O documentário sobre a morte de Berlinguer é genial. Não há narração, somente a voz de um entrevistador que faz perguntas a anônimos e a
figuras conhecidas da política e da intelectualidade italiana, depois do
anúncio da morte de « Enrico », amado, admirado e respeitado pelos
italianos como poucos o foram na Italia, segundo o filme. O criador do
eurocomunismo deixou um grande vazio na política italiana. Os comunistas italianos, que viam um novo caminho para um comunismo real de onde a democracia
não seria excluída, ficaram sem o grande líder.
É fabuloso ver Roma tomada por milhões de pessoas vindas de toda a Itália
gritando : « Viva o Partido Comunista de Gramsci, de Togliatti e de
Berlinguer », punhos no ar. Foi o maior enterro de uma personalidade
pública na Itália, segundo a apresentação do filme.

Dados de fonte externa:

(* For parameters $0\le b\le1$ and $0\le c\le1$ with $bc\neq1$, let $\mathcal{N}_{b,c}$ be the qubit channel $\mathcal{N}_{b,c}(O)=K_0OK_0^\dagger+K_1OK_1^\dagger$ with (in the standard basis) $$K_0=\begin{pmatrix}\sqrt{\frac{(1+b)(1+c)}{2(1+bc)}}&0\\0&\sqrt{\frac{(1-b)(1+c)}{2(1-bc)}}\end{pmatrix},\qquad K_1=\begin{pmatrix}0&\sqrt{\frac{(1+b)(1-c)}{2(1-bc)}}\\\sqrt{\frac{(1-b)(1-c)}{2(1+bc)}}&0\end{pmatrix}.$$ If $0\le c'\le c\le1$ and $bc\neq1$, then there exists a qubit quantum channel $\mathcal{M}$ such that $\mathcal{N}_{b,c'}=\mathcal{N}_{b,c}\circ\mathcal{M}$.
   Context: A qubit quantum channel is a completely positive trace-preserving linear map from $\mathcal{L}(\mathbb{C}^2)$ to $\mathcal{L}(\mathbb{C}^2)$. *)

From HB Require Import structures.
From mathcomp Require Import all_boot all_order all_algebra.
From mathcomp Require Import reals.
From mathcomp Require Import complex.
Set Implicit Arguments. Unset Strict Implicit. Unset Printing Implicit Defensive.
Import Order.TTheory GRing.Theory Num.Theory.
Local Open Scope ring_scope.

Definition adjmx (R : realType) m n (A : 'M[R[i]]_(m, n)) : 'M[R[i]]_(n, m) :=
  \matrix_(i, j) ((A j i)^*)%C.

(* Positive semidefiniteness of a "matrix" indexed by a finite type I:
   v^* X v is a nonnegative real for every vector v (in the partial order of
   R[i], 0 <= z means z is real and nonnegative). *)
Definition psd (R : realType) (I : finType) (X : I -> I -> R[i]) : Prop :=
  forall v : I -> R[i], 0 <= \sum_i \sum_j ((v i)^*)%C * X i j * v j.

(* Ampliation id_n (x) Phi acting on n x n block matrices with 2 x 2 blocks,
   indexed by 'I_n * 'I_2. *)
Definition ampl (R : realType) (n : nat) (Phi : 'M[R[i]]_2 -> 'M[R[i]]_2)
  (X : 'I_n * 'I_2 -> 'I_n * 'I_2 -> R[i]) : 'I_n * 'I_2 -> 'I_n * 'I_2 -> R[i] :=
  fun p q => Phi (\matrix_(a, b) X (p.1, a) (q.1, b)) p.2 q.2.

Definition is_linear_map (R : realType) (Phi : 'M[R[i]]_2 -> 'M[R[i]]_2) : Prop :=
  forall (a : R[i]) (A B : 'M[R[i]]_2), Phi (a *: A + B) = a *: Phi A + Phi B.

Definition completely_positive (R : realType) (Phi : 'M[R[i]]_2 -> 'M[R[i]]_2) : Prop :=
  forall (n : nat) (X : 'I_n * 'I_2 -> 'I_n * 'I_2 -> R[i]),
    psd X -> psd (ampl Phi X).

Definition trace_preserving (R : realType) (Phi : 'M[R[i]]_2 -> 'M[R[i]]_2) : Prop :=
  forall A : 'M[R[i]]_2, \tr (Phi A) = \tr A.

Definition qubit_channel (R : realType) (Phi : 'M[R[i]]_2 -> 'M[R[i]]_2) : Prop :=
  [/\ is_linear_map Phi, completely_positive Phi & trace_preserving Phi].

Definition sqC (R : realType) (x : R) : R[i] := ((Num.sqrt x)%:C)%C.

Definition K0 (R : realType) (b c : R) : 'M[R[i]]_2 :=
  \matrix_(i < 2, j < 2)
    if (i == 0) && (j == 0) then sqC ((1 + b) * (1 + c) / (2 * (1 + b * c)))
    else if (i == 1) && (j == 1) then sqC ((1 - b) * (1 + c) / (2 * (1 - b * c)))
    else 0.

Definition K1 (R : realType) (b c : R) : 'M[R[i]]_2 :=
  \matrix_(i < 2, j < 2)
    if (i == 0) && (j == 1) then sqC ((1 + b) * (1 - c) / (2 * (1 - b * c)))
    else if (i == 1) && (j == 0) then sqC ((1 - b) * (1 - c) / (2 * (1 + b * c)))
    else 0.

Definition Nch (R : realType) (b c : R) (O : 'M[R[i]]_2) : 'M[R[i]]_2 :=
  K0 b c *m O *m adjmx (K0 b c) + K1 b c *m O *m adjmx (K1 b c).

From HB Require Import structures.
From mathcomp Require Import all_boot all_order all_algebra.
From mathcomp Require Import reals.
From mathcomp Require Import complex.
From mathcomp Require Import ring lra.
Import Order.TTheory GRing.Theory Num.Theory.
Local Open Scope ring_scope.

(* The family is a semigroup in its second parameter: N_{b,cg} = N_{b,c} o N_{bc,g}
   for 0 <= g <= 1, so M = N_{bc,c'/c} works. Both Kraus operators of N_{b,c} are real,
   one diagonal and one antidiagonal, hence N_{b,c} maps the diagonal entries of O to
   combinations of diagonal entries and the off-diagonal ones to combinations of
   off-diagonal ones. Composing two such maps multiplies their six coefficients, and the
   semigroup law becomes four rational identities between the diagonal weights plus the
   multiplicativity of the off-diagonal damping factor
   sqrt((1 - b^2) / (1 - b^2 c^2)). *)

Set Implicit Arguments.
Unset Strict Implicit.

Section KrausMaps.
Variable R : realType.

Lemma psd_add (I : finType) (X Y : I -> I -> R[i]) :
  psd X -> psd Y -> psd (fun i j => X i j + Y i j).
Proof.
move=> psdX psdY v.
under eq_bigr => i _ do under eq_bigr => j _ do rewrite mulrDr mulrDl.
under eq_bigr => i _ do rewrite big_split.
by rewrite big_split /=; apply: addr_ge0.
Qed.

Lemma psd_congr (I J : finType) (T : J -> I -> R[i]) (X : I -> I -> R[i]) :
  psd X -> psd (fun p q => \sum_i \sum_j T p i * X i j * ((T q j)^*)%C).
Proof.
move=> psdX v; set w := fun i => \sum_q ((T q i)^*)%C * v q.
suff -> : \sum_p \sum_q ((v p)^*)%C * (\sum_i \sum_j T p i * X i j * ((T q j)^*)%C) * v q
        = \sum_i \sum_j ((w i)^*)%C * X i j * w j by exact: psdX.
rewrite /w; symmetry.
under eq_bigr => i _ do under eq_bigr => j _ do
  rewrite rmorph_sum mulr_suml mulr_suml.
under eq_bigr => i _ do under eq_bigr => j _ do under eq_bigr => p _ do
  rewrite mulr_sumr.
under eq_bigr => i _ do rewrite exchange_big.
rewrite exchange_big.
under eq_bigr => p _ do under eq_bigr => i _ do rewrite exchange_big.
under eq_bigr => p _ do rewrite exchange_big.
apply: eq_bigr => p _; apply: eq_bigr => q _.
rewrite mulr_sumr mulr_suml; apply: eq_bigr => i _.
rewrite mulr_sumr mulr_suml; apply: eq_bigr => j _.
rewrite rmorphM /= conjcK; ring.
Qed.

Lemma sum_pair_fst {n : nat} (k : 'I_n) (F : 'I_n * 'I_2 -> R[i]) :
  \sum_(i : 'I_n * 'I_2) F i *+ (i.1 == k) = \sum_(a < 2) F (k, a).
Proof.
under eq_bigr => i _ do rewrite mulrb.
transitivity (\sum_(i1 < n) \sum_(a < 2) (if i1 == k then F (i1, a) else 0)).
  by rewrite pair_big; apply: eq_big => // -[].
rewrite (bigD1 k) //= [X in _ + X]big1 ?addr0.
  by apply: eq_bigr => a _; rewrite eqxx.
by move=> i1 /negbTE ->; rewrite big1.
Qed.

Definition id_kron {n : nat} (K : 'M[R[i]]_2) (p i : 'I_n * 'I_2) : R[i] :=
  K p.2 i.2 *+ (i.1 == p.1).

Lemma ampl_conjmx (n : nat) (K : 'M[R[i]]_2) (X : 'I_n * 'I_2 -> 'I_n * 'I_2 -> R[i]) p q :
  ampl (fun O => K *m O *m adjmx K) X p q =
  \sum_i \sum_j id_kron K p i * X i j * ((id_kron K q j)^*)%C.
Proof.
rewrite /ampl /id_kron !mxE.
under [RHS]eq_bigr => i _ do under eq_bigr => j _ do
  rewrite rmorphMn mulrnAr.
under [RHS]eq_bigr => i _ do rewrite (sum_pair_fst q.1 (fun j => _ * X i j * ((K q.2 j.2)^*)%C)).
under [RHS]eq_bigr => i _ do under eq_bigr => a _ do rewrite !mulrnAl.
under [RHS]eq_bigr => i _ do rewrite sumrMnl.
rewrite (sum_pair_fst p.1 (fun i => \sum_j K p.2 i.2 * X i (q.1, j) * _)) /=.
rewrite exchange_big; apply: eq_bigr => b _; rewrite !mxE mulr_suml.
by apply: eq_bigr => a _; rewrite !mxE.
Qed.

Lemma cp_conjmx (K : 'M[R[i]]_2) : completely_positive (fun O => K *m O *m adjmx K).
Proof.
move=> n X psdX v.
under eq_bigr => p _ do under eq_bigr => q _ do rewrite ampl_conjmx.
exact: psd_congr psdX v.
Qed.

Lemma cp_add (Phi Psi : 'M[R[i]]_2 -> 'M[R[i]]_2) :
  completely_positive Phi -> completely_positive Psi ->
  completely_positive (fun O => Phi O + Psi O).
Proof.
move=> cpPhi cpPsi n X psdX v.
under eq_bigr => p _ do under eq_bigr => q _ do rewrite /ampl mxE.
exact: psd_add (cpPhi _ _ psdX) (cpPsi _ _ psdX) v.
Qed.

Lemma linear_conjmx (K : 'M[R[i]]_2) : is_linear_map (fun O => K *m O *m adjmx K).
Proof. by move=> a A B; rewrite mulmxDr mulmxDl -scalemxAr -scalemxAl. Qed.

Lemma linear_add (Phi Psi : 'M[R[i]]_2 -> 'M[R[i]]_2) :
  is_linear_map Phi -> is_linear_map Psi -> is_linear_map (fun O => Phi O + Psi O).
Proof.
by move=> linPhi linPsi a A B; rewrite linPhi linPsi scalerDr addrACA.
Qed.

End KrausMaps.

Section DiagAntidiagKraus.
Variable R : realType.

Definition diag2 (x0 x1 : R) : 'M[R[i]]_2 :=
  \matrix_(i < 2, j < 2)
    if (i == 0) && (j == 0) then (x0%:C)%C
    else if (i == 1) && (j == 1) then (x1%:C)%C else 0.

Definition antidiag2 (y0 y1 : R) : 'M[R[i]]_2 :=
  \matrix_(i < 2, j < 2)
    if (i == 0) && (j == 1) then (y0%:C)%C
    else if (i == 1) && (j == 0) then (y1%:C)%C else 0.

(* The general map commuting with conjugation by diag(1, -1) and with transposition. *)
Definition zcov_map (p0 p1 q0 q1 r s : R) (O : 'M[R[i]]_2) : 'M[R[i]]_2 :=
  \matrix_(i < 2, j < 2)
    if i == 0 then
      if j == 0 then (p0%:C * O 0 0 + q0%:C * O 1 1)%C
      else (r%:C * O 0 1 + s%:C * O 1 0)%C
    else
      if j == 0 then (r%:C * O 1 0 + s%:C * O 0 1)%C
      else (p1%:C * O 1 1 + q1%:C * O 0 0)%C.

Lemma adjmx_diag2 (x0 x1 : R) : adjmx (diag2 x0 x1) = diag2 x0 x1.
Proof.
apply/matrixP => i j; rewrite !mxE.
by case: i => [[|[|i]] ?]; case: j => [[|[|j]] ?]; rewrite //= oppr0.
Qed.

Lemma adjmx_antidiag2 (y0 y1 : R) : adjmx (antidiag2 y0 y1) = antidiag2 y1 y0.
Proof.
apply/matrixP => i j; rewrite !mxE.
by case: i => [[|[|i]] ?]; case: j => [[|[|j]] ?]; rewrite //= oppr0.
Qed.

Lemma diag_antidiag_krausE (x0 x1 y0 y1 : R) (O : 'M[R[i]]_2) :
  diag2 x0 x1 *m O *m adjmx (diag2 x0 x1) + antidiag2 y0 y1 *m O *m adjmx (antidiag2 y0 y1)
  = zcov_map (x0 * x0) (x1 * x1) (y0 * y0) (y1 * y1) (x0 * x1) (y0 * y1) O.
Proof.
rewrite adjmx_diag2 adjmx_antidiag2; apply/matrixP => i j.
rewrite !mxE !big_ord_recl !big_ord0 !mxE !big_ord_recl !big_ord0 !mxE.
have E0 : ord0 = 0 :> 'I_2 by apply/val_inj.
have E1 : lift ord0 ord0 = 1 :> 'I_2 by apply/val_inj.
rewrite !E0 !E1.
by case: i => [[|[|i]] ?]; case: j => [[|[|j]] ?] //=; rewrite !rmorphM /=; ring.
Qed.

Lemma zcov_map_comp (p0 p1 q0 q1 r s p0' p1' q0' q1' r' s' : R) (O : 'M[R[i]]_2) :
  zcov_map p0 p1 q0 q1 r s (zcov_map p0' p1' q0' q1' r' s' O) =
  zcov_map (p0 * p0' + q0 * q1') (p1 * p1' + q1 * q0') (p0 * q0' + q0 * p1')
           (p1 * q1' + q1 * p0') (r * r' + s * s') (r * s' + s * r') O.
Proof.
apply/matrixP => i j; rewrite !mxE.
case: i => [[|[|i]] ?]; case: j => [[|[|j]] ?] //=.
all: rewrite !rmorphD !rmorphM; ring.
Qed.

Lemma zcov_map_tr (p0 p1 q0 q1 r s : R) :
  p0 + q1 = 1 -> p1 + q0 = 1 -> trace_preserving (zcov_map p0 p1 q0 q1 r s).
Proof.
move=> tr0 tr1 A; rewrite /mxtrace !big_ord_recl !big_ord0 !mxE /=.
have E0 : ord0 = 0 :> 'I_2 by apply/val_inj.
have E1 : lift ord0 ord0 = 1 :> 'I_2 by apply/val_inj.
have -> : p0 = 1 - q1 by rewrite -tr0 addrK.
have -> : p1 = 1 - q0 by rewrite -tr1 addrK.
rewrite !E0 !E1 !rmorphB rmorph1 /=; ring.
Qed.

End DiagAntidiagKraus.

Lemma mul_sqrtr_sqr (R : rcfType) (x y k l : R) :
  0 <= x -> 0 <= k -> x * y = k ^+ 2 * l -> Num.sqrt x * Num.sqrt y = k * Num.sqrt l.
Proof.
move=> x0 k0 xy; rewrite -sqrtrM // xy sqrtrM ?sqr_ge0 // sqrtr_sqr ger0_norm //.
Qed.

Lemma onepm_neq0 (R : realFieldType) (x : R) : 0 <= x -> x < 1 -> (1 + x != 0) && (1 - x != 0).
Proof. by move=> x_ge0 x_lt1; rewrite !gt_eqF //; lra. Qed.

Section ChannelFamily.
Variable R : realType.

(* [nwij b c] is the squared (i, j) entry of the Kraus operator of N_{b,c} supported
   there; [ncoh b c] is the factor by which N_{b,c} damps the off-diagonal entries,
   up to the weights (1 +- c) / 2. *)
Definition nw00 (b c : R) := (1 + b) * (1 + c) / (2 * (1 + b * c)).
Definition nw11 (b c : R) := (1 - b) * (1 + c) / (2 * (1 - b * c)).
Definition nw01 (b c : R) := (1 + b) * (1 - c) / (2 * (1 - b * c)).
Definition nw10 (b c : R) := (1 - b) * (1 - c) / (2 * (1 + b * c)).
Definition ncoh (b c : R) := Num.sqrt ((1 - b) * (1 + b) / ((1 - b * c) * (1 + b * c))).

Lemma Nch_zcov (b c : R) (O : 'M[R[i]]_2) :
  0 <= b -> b <= 1 -> 0 <= c -> c <= 1 -> b * c < 1 ->
  Nch b c O = zcov_map (nw00 b c) (nw11 b c) (nw01 b c) (nw10 b c)
                       ((1 + c) / 2 * ncoh b c) ((1 - c) / 2 * ncoh b c) O.
Proof.
move=> b_ge0 b_le1 c_ge0 c_le1 bc_lt1; have bc_ge0 := mulr_ge0 b_ge0 c_ge0.
have /andP[Dbc_neq0 Bbc_neq0] := onepm_neq0 bc_ge0 bc_lt1.
have [nw00_ge0 nw11_ge0 nw01_ge0 nw10_ge0] :
    [/\ 0 <= nw00 b c, 0 <= nw11 b c, 0 <= nw01 b c & 0 <= nw10 b c].
  by split; apply: divr_ge0; apply: mulr_ge0; lra.
rewrite /Nch; have -> : K0 b c = diag2 (Num.sqrt (nw00 b c)) (Num.sqrt (nw11 b c)) by [].
have -> : K1 b c = antidiag2 (Num.sqrt (nw01 b c)) (Num.sqrt (nw10 b c)) by [].
rewrite diag_antidiag_krausE -!expr2 !sqr_sqrtr //; congr zcov_map.
- apply: mul_sqrtr_sqr => //; first lra.
  by rewrite /nw00 /nw11; field; rewrite ?Dbc_neq0 ?Bbc_neq0.
- apply: mul_sqrtr_sqr => //; first lra.
  by rewrite /nw01 /nw10; field; rewrite ?Dbc_neq0 ?Bbc_neq0.
Qed.

Lemma Nch_channel (b c : R) :
  0 <= b -> b <= 1 -> 0 <= c -> c <= 1 -> b * c < 1 -> qubit_channel (Nch b c).
Proof.
move=> b_ge0 b_le1 c_ge0 c_le1 bc_lt1; have bc_ge0 := mulr_ge0 b_ge0 c_ge0.
have /andP[Dbc_neq0 Bbc_neq0] := onepm_neq0 bc_ge0 bc_lt1.
split; first exact: linear_add (linear_conjmx _) (linear_conjmx _).
  exact: cp_add (cp_conjmx _) (cp_conjmx _).
move=> A; rewrite Nch_zcov //; apply: zcov_map_tr.
  by rewrite /nw00 /nw10; field; rewrite Dbc_neq0.
by rewrite /nw11 /nw01; field; rewrite Bbc_neq0.
Qed.

Lemma ncoh_mul (b c g : R) :
  0 <= b -> b <= 1 -> 0 <= c -> 0 <= g -> g <= 1 -> b * c < 1 ->
  ncoh b c * ncoh (b * c) g = ncoh b (c * g).
Proof.
move=> b_ge0 b_le1 c_ge0 g_ge0 g_le1 bc_lt1; have bc_ge0 := mulr_ge0 b_ge0 c_ge0.
have bcg_ge0 := mulr_ge0 bc_ge0 g_ge0.
have bcg_lt1 : b * c * g < 1 by apply: le_lt_trans bc_lt1; rewrite ler_piMr.
have /andP[Dbc_neq0 Bbc_neq0] := onepm_neq0 bc_ge0 bc_lt1.
have /andP[Dbcg_neq0 Bbcg_neq0] := onepm_neq0 bcg_ge0 bcg_lt1.
rewrite /ncoh -sqrtrM; last by apply: divr_ge0; apply: mulr_ge0; lra.
by congr Num.sqrt; rewrite mulrA; field; rewrite Dbc_neq0 Bbc_neq0 Dbcg_neq0 Bbcg_neq0.
Qed.

Lemma Nch_comp (b c g : R) (O : 'M[R[i]]_2) :
  0 <= b -> b <= 1 -> 0 <= c -> c <= 1 -> 0 <= g -> g <= 1 -> b * c < 1 ->
  Nch b (c * g) O = Nch b c (Nch (b * c) g O).
Proof.
move=> b_ge0 b_le1 c_ge0 c_le1 g_ge0 g_le1 bc_lt1; have bc_ge0 := mulr_ge0 b_ge0 c_ge0.
have bcg_ge0 := mulr_ge0 bc_ge0 g_ge0.
have bcg_lt1 : b * c * g < 1 by apply: le_lt_trans bc_lt1; rewrite ler_piMr.
have cg_ge0 := mulr_ge0 c_ge0 g_ge0.
have cg_le1 : c * g <= 1 by apply: le_trans c_le1; rewrite ler_piMr.
have /andP[Dbc_neq0 Bbc_neq0] := onepm_neq0 bc_ge0 bc_lt1.
have /andP[Dbcg_neq0 Bbcg_neq0] := onepm_neq0 bcg_ge0 bcg_lt1.
have bc_le1 := ltW bc_lt1.
have b_cg_lt1 : b * (c * g) < 1 by rewrite mulrA.
rewrite !Nch_zcov // zcov_map_comp -ncoh_mul //; congr zcov_map.
all: rewrite /nw00 /nw11 /nw01 /nw10 ?mulrA; field.
all: by rewrite ?Dbc_neq0 ?Bbc_neq0 ?Dbcg_neq0 ?Bbcg_neq0.
Qed.

End ChannelFamily.

(* Also for y = 0, where x = 0 and x / 0 = 0. *)
Lemma ratio_unit_interval (R : realFieldType) (x y : R) :
  0 <= x -> x <= y -> [/\ 0 <= x / y, x / y <= 1 & y * (x / y) = x].
Proof.
move=> x_ge0 x_le_y; have [y0 | y_neq0] := eqVneq y 0.
  have x0 : x = 0 by apply/le_anti; rewrite x_ge0 -y0 x_le_y.
  by rewrite x0 y0 mul0r mulr0.
have y_gt0 : 0 < y by rewrite lt_def y_neq0 (le_trans x_ge0).
by rewrite divr_ge0 ?ler_pdivrMr ?mul1r ?(ltW y_gt0) // mulrC divfK.
Qed.

Theorem mainTheorem6 (R : realType) (b c c' : R) :
  0 <= b -> b <= 1 -> 0 <= c -> c <= 1 -> 0 <= c' -> c' <= c -> b * c != 1 ->
  exists M : 'M[R[i]]_2 -> 'M[R[i]]_2,
    qubit_channel M /\ (forall O : 'M[R[i]]_2, Nch b c' O = Nch b c (M O)).
Proof.
move=> b_ge0 b_le1 c_ge0 c_le1 c'_ge0 c'_le_c bc_neq1.
have bc_ge0 := mulr_ge0 b_ge0 c_ge0.
have bc_lt1 : b * c < 1 by rewrite lt_neqAle bc_neq1 mulr_ile1.
have [g_ge0 g_le1 cgE] := ratio_unit_interval c'_ge0 c'_le_c.
exists (Nch (b * c) (c' / c)); split.
  apply: Nch_channel => //; first exact: ltW.
  by apply: le_lt_trans bc_lt1; rewrite ler_piMr.
by move=> O; rewrite -{1}cgE; apply: Nch_comp.
Qed.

Gorbachev, Georges Marchais, Arafat e toda a classe política italiana
louvam a inteligência e o gênio politico de Berlinguer. O povo chora “o homem mais honesto” da
Itália, um politico exemplar. Um religioso, visivelmente não da Igreja católica
(parece um ortodoxo), diz que "ele era o homem que Diógenes
procurava".
No filme, pode-se ver Fellini e Antonioni na cerimônia do enterro.
Marcelo Mastroiani ressalta a importância de Berlinguer.
Hoje, a Itália tem o bufão Berlusconi. São
dois mundos, mais distantes que os dois pólos da Terra.
O filme é pouco conhecido, o que é uma pena. As novas gerações (mesmo os
jornalistas mais jovens) não sabem quem foi Enrico Berlinguer.